Op de voorbereiding van een besluit tot het stellen van nadere eisen als bedoeld in artikel 3, lid 3.3 en artikel 4, lid 4.3 is de volgende procedure van toepassing:

  • a. Burgemeester en wethouders leggen het ontwerpbesluit met de daarop betrekking hebbende stukken voor een periode van twee weken ter inzage.
  • b. Voorafgaand aan de terinzagelegging geven Burgemeester en wethouders in een of meer dag-, nieuws-, of huis-aan-huisbladen of op andere geschikte wijze kennis van het ontwerp. Volstaan kan worden met het vermelden van de zakelijke inhoud.
  • c. In de kennisgeving wordt vermeld waar en wanneer de stukken ter inzage zullen liggen, wie in de gelegenheid wordt gesteld om een zienswijze in te dienen en op welke wijze dit dient te gebeuren.
  • d. Belanghebbenden kunnen bij Burgemeester en wethouders naar keuze schriftelijk of mondeling hun zienswijze over de ontwerp naar voren brengen.
  • e. De termijn voor het naar voren brengen van zienswijzen als bedoeld onder d bedraagt twee weken, welke termijn aanvangt met ingang van de dag waarop het ontwerp ter inzage is gelegd.

Artikel 13 Overige regels

Waar in de planregels wordt verwezen naar andere wettelijke regelingen, wordt geduid op die regelingen, zoals zij luiden op het tijdstip van de terinzagelegging van het ontwerp van dit bestemmingsplan.
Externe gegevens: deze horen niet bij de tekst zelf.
Definition mes_init : mstate := (set0, finset.set0, fun _ => alpha / n%:R).

Definition division (Cp : set R) (D : seq (R * R)) : Prop :=
  all (fun p => (0 <= p.1) && (p.1 < p.2) && (p.2 <= c)) D /\
  pairwise (fun p q => (p.2 <= q.1) || (q.2 <= p.1)) D /\
  (forall p, p \in D -> oitv p.1 p.2 `&` Cp = set0) /\
  (citv 0 c `<=` Cp `|` [set x | exists2 p, p \in D & p.1 <= x <= p.2]) /\
  (forall p i, p \in D -> citv p.1 p.2 `<=` Ca i \/ oitv p.1 p.2 `&` Ca i = set0).

Definition inNI (b : 'I_n -> R) (p : R * R) (i : 'I_n) : bool :=
  (0 < b i) && `[< citv p.1 p.2 `<=` Ca i >].

Definition cake_aff (b : 'I_n -> R) (p : R * R) (x rho : R) : Prop :=
  0 <= rho /\ p.1 < x <= p.2 /\
  \sum_(i | inNI b p i) Num.min (b i) ((x - p.1) * rho) = x - p.1.

Definition inNg (b : 'I_n -> R) (g : 'I_m) (i : 'I_n) : bool :=
  (0 < b i) && (g \in Ga i).

Definition good_aff (Gp : {set 'I_m}) (b : 'I_n -> R) (g : 'I_m) (rho : R) : Prop :=
  g \notin Gp /\ 0 <= rho /\
  \sum_(i | inNg b g i) Num.min (b i) rho = 1.

Inductive mes_step : mstate -> mstate -> Prop :=
| mes_step_cake Cp Gp b D p x rho :
    division Cp D -> p \in D -> cake_aff b p x rho ->
    (forall q y r, q \in D -> cake_aff b q y r -> rho <= r) ->
    (forall g r, good_aff Gp b g r -> rho <= r) ->
    (forall y, cake_aff b p y rho -> y <= x) ->
    mes_step (Cp, Gp, b)
      (Cp `|` citv p.1 x, Gp,
       fun i => if inNI b p i then b i - Num.min (b i) ((x - p.1) * rho) else b i)
| mes_step_good Cp Gp b D g rho :
    division Cp D -> good_aff Gp b g rho ->
    (forall q y r, q \in D -> cake_aff b q y r -> rho <= r) ->
    (forall h r, good_aff Gp b h r -> rho <= r) ->
    mes_step (Cp, Gp, b)
      (Cp, g |: Gp,
       fun i => if inNg b g i then b i - Num.min (b i) rho else b i).

Inductive mes_star : mstate -> mstate -> Prop :=
| mes_star_refl s : mes_star s s
| mes_star_step s1 s2 s3 : mes_step s1 s2 -> mes_star s2 s3 -> mes_star s1 s3.

Definition mes_final (s : mstate) : Prop :=
  exists D, division s.1.1 D /\
    (forall q y r, q \in D -> ~ cake_aff s.2 q y r) /\
    (forall g r, ~ good_aff s.1.2 s.2 g r).

(* A is an allocation that Generalized MES may return (under some choice of
   divisions and tie-breaking). *)
Definition mes_outcome (A : bundle) : Prop :=
  exists s, mes_star mes_init s /\ mes_final s /\ A = (s.1.1, s.1.2).

End Model.

From HB Require Import structures.
From mathcomp Require Import all_boot all_order all_algebra.
From mathcomp Require Import all_classical all_reals all_analysis.
From mathcomp Require Import ring lra.
Set Implicit Arguments. Unset Strict Implicit. Unset Printing Implicit Defensive.
Import Order.TTheory GRing.Theory Num.Theory.
Local Open Scope classical_set_scope.
Local Open Scope ring_scope.

(* Instance: three agents, cake [0, 1/2] approved by everybody, one good
   approved by agents 0 and 1 only, alpha = 3/2, so every budget is 1/2.
   Buying cake costs at least 1/n = 1/3 per unit of length (all three agents
   share it), while the good costs at least 1/2 (only two agents share it).
   Hence MES first buys cake; this strictly lowers the budgets of agents 0
   and 1, whose total then stays below 1 for the rest of the run, so the good
   is never affordable.  Every outcome therefore consists of cake only, and
   gives each agent utility at most 1/2, whereas {0, 1} is a 1-cohesive group
   (2 >= 1 * 3 / (3/2)) that jointly approves the good: EJR-M fails. *)

Section GeneralFacts.
Variables (R : realType) (n m : nat).

Lemma citv_measurable (a b : R) : measurable (citv a b).
Proof. by rewrite /citv -set_itvcc; exact: measurable_itv. Qed.

Lemma len_ge0 (S : set R) : 0 <= len S.
Proof. by apply: fine_ge0; exact: measure_ge0. Qed.

Lemma len_le_citv (c : R) (S : set R) :
  0 <= c -> measurable S -> S `<=` citv 0 c -> len S <= c.
Proof.
move=> c0 mS sS.
have lenC : lebesgue_measure (citv 0 c) = c%:E.
  rewrite /citv -set_itvcc lebesgue_measure_itv /= lte_fin oppr0 adde0.
  by case: ltrP => // c_le0; congr (_%:E); apply/eqP; rewrite eq_le c_le0 c0.
have hle : (lebesgue_measure S <= c%:E)%E.
  by rewrite -lenC; apply: le_measure => //; rewrite inE //; exact: citv_measurable.
rewrite /len; move: hle (measure_ge0 (@lebesgue_measure R) S).
by case: (lebesgue_measure S) => [r /=|//|//]; rewrite lee_fin.
Qed.

Lemma sum_min_le (P : pred 'I_n) (F : 'I_n -> R) (z : R) :
  \sum_(i | P i) Num.min (F i) z <= #|P|%:R * z.
Proof.
rewrite mulr_natl -sumr_const; apply: ler_sum => i _.
by rewrite ge_min lexx orbT.
Qed.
Hoofdstuk 4 Overgangs- en slotregels

Artikel 14 Overgangsrecht

14.1 Overgangsrecht bouwwerken
  • a. Een bouwwerk dat op het tijdstip van inwerkingtreding van het bestemmingsplan aanwezig of in uitvoering is, dan wel gebouwd kan worden krachtens een omgevingsvergunning voor het bouwen, en afwijkt van het plan, mag, mits deze afwijking naar aard en omvang niet wordt vergroot,
    • 1. gedeeltelijk worden vernieuwd of veranderd;
    • 2. na het teniet gaan ten gevolge van een calamiteit geheel worden vernieuwd of veranderd, mits de aanvraag van de omgevingsvergunning voor het bouwen wordt gedaan binnen twee jaar na de dag waarop het bouwwerk is teniet gegaan.
  • b. Het bevoegd gezag kan eenmalig in afwijking van het gestelde onder a een omgevingsvergunning verlenen voor het vergroten van de inhoud van een bouwwerk als bedoeld onder a met maximaal 10%.
  • c. Het gestelde onder a is niet van toepassing op bouwwerken die weliswaar bestaan op het tijdstip van inwerkingtreding van het plan, maar zijn gebouwd zonder vergunning en in strijd met het daarvoor geldende plan, daaronder begrepen de overgangsbepaling van dat plan.
14.2 Overgangsrecht gebruik
  • a. Het gebruik van grond en bouwwerken dat bestond op het tijdstip van inwerkingtreding van het bestemmingsplan en hiermee in strijd is, mag worden voortgezet.
  • b. Het is verboden het met het bestemmingsplan strijdige gebruik, bedoeld onder a, te veranderen of te laten veranderen in een ander met dat plan strijdig gebruik, tenzij door deze verandering de afwijking naar aard en omvang wordt verkleind.
  • c. Indien het gebruik, bedoeld onder a, na het tijdstip van inwerkingtreding van het plan voor een periode langer dan een jaar wordt onderbroken, is het verboden dit gebruik daarna te hervatten of te laten hervatten.
  • d. Het gestelde onder a is niet van toepassing op het gebruik dat reeds in strijd was met het voorheen geldende bestemmingsplan, daaronder begrepen de overgangsbepalingen van dat plan.

Artikel 15 Slotregel

Deze regels worden aangehaald als:

Regels van het bestemmingsplan Beethoven, eerste fase.